Let's break down the expression step by step:
1. Start by dealing with the negative signs. Multiply the first two negative signs (-2)×(1/5), which gives us -2/5.
2. For the next step, we divide -2/5 by (2/3) and multiply the result by (-5/6).
Remember that division is equivalent to multiplying by the reciprocal. To divide fractions, multiply the first fraction by the reciprocal of the second fraction.

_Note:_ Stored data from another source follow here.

(* [sigma (- i - t - 2)] codes sigma(-(i+1) - s), the value in the (i+1)-st factor of Q^0_sigma(s). *)
Lemma Q0partial_factor_lt_1 (sigma : Z -> R) (t : Z) :
  (forall n, 0 <= sigma n <= 1) ->
  Rbar_lt 0 (Lim_seq (Q0partial sigma t)) ->
  forall i : nat, sigma (- Z.of_nat i - t - 2)%Z < 1.
Proof.
  intros Hsigma HQ i.
  destruct (Rlt_le_dec (sigma (- Z.of_nat i - t - 2)%Z) 1) as [|Hge]; [assumption|].
  exfalso.
  assert (Hvanish : forall d, Q0partial sigma t (S i + d) = 0).
  { induction d as [|d IHd].
    - rewrite Nat.add_0_r.
      change (Q0partial sigma t i * (1 - sigma (- Z.of_nat (S i) - t - 1)%Z) = 0).
      replace (- Z.of_nat (S i) - t - 1)%Z with (- Z.of_nat i - t - 2)%Z by lia.
      pose proof (Hsigma (- Z.of_nat i - t - 2)%Z).
      replace (sigma (- Z.of_nat i - t - 2)%Z) with 1 by lra. ring.
    - rewrite Nat.add_succ_r.
      change (Q0partial sigma t (S i + d) * (1 - sigma (- Z.of_nat (S (S i + d)) - t - 1)%Z) = 0).
      rewrite IHd. ring. }
  rewrite (Lim_seq_ext_loc _ (fun _ => 0)), Lim_seq_const in HQ.
  - simpl in HQ. lra.
  - exists (S i). intros n Hn. replace n with (S i + (n - S i))%nat by lia. apply Hvanish.
Qed.

Lemma sigma_bounded_away (sigma : Z -> R) (t : Z) :
  (forall n, 0 <= sigma n <= 1) ->
  ex_series (fun m : nat => sigma (- Z.of_nat m - 1)%Z) ->
  Rbar_lt 0 (Lim_seq (Q0partial sigma t)) ->
  exists eta, 0 < eta <= 1 / 2 /\ forall n, (n <= - t - 2)%Z -> sigma n <= 1 - eta.
Proof.
  intros Hsigma Hsum HQ.
  set (u := fun i : nat => sigma (- Z.of_nat i - t - 2)%Z).
  assert (Hlim : is_lim_seq u 0).
  { pose proof (ex_series_lim_0 _ Hsum) as Hlim.
    destruct (Z_le_gt_dec 0 (t + 1)) as [Ht | Ht].
    - apply (is_lim_seq_incr_n _ (Z.to_nat (t + 1))) in Hlim.
      eapply is_lim_seq_ext; [|exact Hlim]. intros i. unfold u. f_equal. lia.
    - apply (is_lim_seq_incr_n _ (Z.to_nat (- t - 1))).
      eapply is_lim_seq_ext; [|exact Hlim]. intros i. unfold u. f_equal. lia. }
  destruct (bounded_away_from_1 u (Q0partial_factor_lt_1 sigma t Hsigma HQ) Hlim)
    as [eta [Heta Hu]].
  exists eta. split; [exact Heta|]. intros n Hn.
  specialize (Hu (Z.to_nat (- n - t - 2))). unfold u in Hu.
  replace (- Z.of_nat (Z.to_nat (- n - t - 2)) - t - 2)%Z with n in Hu by lia. exact Hu.
Qed.

Section KernelEstimates.

Variables (sigma : Z -> R) (t : Z) (eta L : R).
Hypothesis sigma_range : forall n, 0 <= sigma n <= 1.
Hypothesis eta_range : 0 < eta <= 1 / 2.
Hypothesis sigma_below : forall n, (n <= - t - 2)%Z -> sigma n <= 1 - eta.
Hypothesis L_range : 0 <= L <= eta / 16.

Lemma one_sub_Ms_ge (m : Z) : eta / 2 <= 1 - Ms sigma t L m.
Proof.
  unfold Ms, sig_shift. set (s := sigma (m - t - 1)%Z).
  assert (Hs : 0 <= s <= 1) by apply sigma_range.
  assert (HL : 0 <= L < 1) by lra.
  assert (Hx : 0 <= L ^ 2 <= L) by nra.
  assert (Hcube : 1 - 3 * L ^ 2 <= (1 - L ^ 2) ^ 3) by nra.
  assert (Hcube_pos : 0 < (1 - L ^ 2) ^ 3) by (apply pow_lt; nra).
  destruct (KBe_le L m HL) as [HK0 _].
  destruct (Z_le_gt_dec 0 m) as [Hm | Hm].
  - pose proof (KBe_le_nonneg_index L m HL Hm) as HK.
    assert (L ^ 2 / (1 - L ^ 2) ^ 3 <= 1 / 2) by (apply Rle_div_l; nra).
    assert (s * KBe L m <= KBe L m) by nra. lra.
  - pose proof (KBe_le_all L m HL) as HK.
    assert (Hsm : s <= 1 - eta) by (apply sigma_below; lia).
    assert ((1 - eta) * ((1 + L ^ 2) / (1 - L ^ 2) ^ 3) <= 1 - eta / 2).
    { rewrite Rmult_div_assoc. apply Rle_div_l; [lra|]. nra. }
    assert (s * KBe L m <= (1 - eta) * KBe L m) by nra.
    assert ((1 - eta) * KBe L m <= (1 - eta) * ((1 + L ^ 2) / (1 - L ^ 2) ^ 3)) by nra.
    lra.
Qed.

Lemma fhat_bound (k : Z) :
  Rabs (fst (fhat sigma t L k)) <= 2 * weight k /\
  Rabs (snd (fhat sigma t L k)) <= L * (4 * weight k).
Proof.
  assert (HL : 0 <= L <= 1 / 2) by lra.
  assert (Hs : Rabs (sig_shift sigma t k) <= 1)
    by (unfold sig_shift; rewrite Rabs_pos_eq; apply sigma_range).
  pose proof (Rabs_BesselJ_le_weight k L HL).
  pose proof (Rabs_BesselJ_le_weight (k + 1) L HL). pose proof (weight_succ_le k).
  unfold fhat; simpl; split.
  - replace (2 * weight k) with (1 * (2 * weight k)) by ring. now apply Rabs_mult_le.
  - replace (L * (4 * weight k)) with (1 * (L * (4 * weight k))) by ring.
    apply Rabs_mult_le; [assumption|].
    apply Rabs_mult_le; [rewrite Rabs_pos_eq | ]; lra.
Qed.

Lemma ghat_bound (m : Z) :
  Rabs (fst (ghat sigma t L m)) <= 2 / eta * (L * (4 * weight m)) /\
  Rabs (snd (ghat sigma t L m)) <= 2 / eta * (2 * weight m).
Proof.
  assert (HL : 0 <= L <= 1 / 2) by lra.
  assert (Hg : Rabs (/ (1 - Ms sigma t L m)) <= 2 / eta).
  { pose proof (one_sub_Ms_ge m). rewrite Rabs_inv, Rabs_pos_eq by lra.
    replace (2 / eta) with (/ (eta / 2)) by (field; lra). apply Rinv_le_contravar; lra. }
  pose proof (Rabs_BesselJ_le_weight m L HL).
  pose proof (Rabs_BesselJ_le_weight (m + 1) L HL). pose proof (weight_succ_le m).
  unfold ghat; simpl; split; apply Rabs_mult_le; try assumption.
  - apply Rabs_mult_le; [rewrite Rabs_pos_eq | ]; lra.
  - now rewrite Rabs_Ropp.
Qed.

Lemma Rabs_Dker_le (k m : Z) :
  Rabs (Dker sigma t L k m) <= 32 / eta * L * weight k * weight m.
Proof.
  pose proof (weight_range k). pose proof (weight_range m).
  assert (HB : 0 <= 32 / eta * L) by (apply Rmult_le_pos; [apply Rlt_le, Rdiv_lt_0_compat|]; lra).
  assert (0 <= 32 / eta * L * weight k * weight m) by (apply Rmult_le_pos; [apply Rmult_le_pos|]; lra).
  unfold Dker. destruct (Z.eqb_spec k m) as [_ | Hkm].
  { now rewrite Rabs_R0. }
  assert (Hdist : 1 <= Rabs (IZR (k - m))) by (rewrite Rabs_Zabs; apply IZR_le; lia).
  destruct (fhat_bound k) as [Hf1 Hf2]. destruct (ghat_bound m) as [Hg1 Hg2].
  rewrite Rabs_div by (intros Hz; rewrite Hz, Rabs_R0 in Hdist; lra).
  apply Rle_div_l; [lra|].
  eapply Rle_trans; [apply Rabs_triang|].
  pose proof (Rabs_mult_le _ _ _ _ Hg1 Hf1). pose proof (Rabs_mult_le _ _ _ _ Hg2 Hf2).
  replace (32 / eta * L * weight k * weight m)
    with (2 / eta * (L * (4 * weight m)) * (2 * weight k)
          + 2 / eta * (2 * weight m) * (L * (4 * weight k)))
    in * by (field; lra).
  nra.
Qed.

End KernelEstimates.

Theorem proposition5p1 (sigma : Z -> R) (t : Z) :
  (forall n : Z, 0 <= sigma n <= 1) ->
  (* sum_{l in Z', l < 0} sigma(l) < oo ; l = n + 1/2 < 0 iff n <= -1 *)
  ex_series (fun m : nat => sigma (- Z.of_nat m - 1)%Z) ->
  (* Q^0_sigma(s) = prod_{i>=1} (1 - sigma(-i-s)) > 0 *)
  Rbar_lt (Finite 0) (Lim_seq (Q0partial sigma t)) ->
  exists Lstar c : R, 0 < Lstar /\ 0 < c /\
    forall L : R, 0 <= L < Lstar -> opnorm_le (Dker sigma t L) (c * L).
Proof.
  intros Hsigma Hsum HQ.
  destruct (sigma_bounded_away sigma t Hsigma Hsum HQ) as [eta [Heta Hbelow]].
  assert (Hc : 0 < 32 / eta) by (apply Rdiv_lt_0_compat; lra).
  exists (eta / 16), (11 * (32 / eta)).
  split; [lra|]. split; [lra|].
  intros L HL. rewrite Rmult_assoc.
  apply opnorm_le_of_weighted_bound.
  - intros k m. apply (Rabs_Dker_le sigma t eta L); auto; lra.
  - apply Rmult_le_pos; lra.
Qed.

-2/5 ÷ (2/3) can be rewritten as -2/5 × (3/2), taking the reciprocal of (2/3) which is (3/2) or (3/2) ÷ 1.
When multiplying fractions, multiply the numerators together to get the new numerator and multiply the denominators together to get the new denominator.
(-2/5) × (3/2) gives us (-2×3) / (5×2) which simplifies to -6/10 or -3/5.
3. Finally, we have to divide (-3/5) multiplied by (3/4).
Again, we can rewrite (-3/5) ÷ (3/4) as (-3/5) × (4/3) or (-3×4) / (5×3) which simplifies to -12/15 or -4/5.
Thus, the solution to the expression (-2)×(1/5)÷(2/3)×(-5/6)÷(3/4) is -4/5.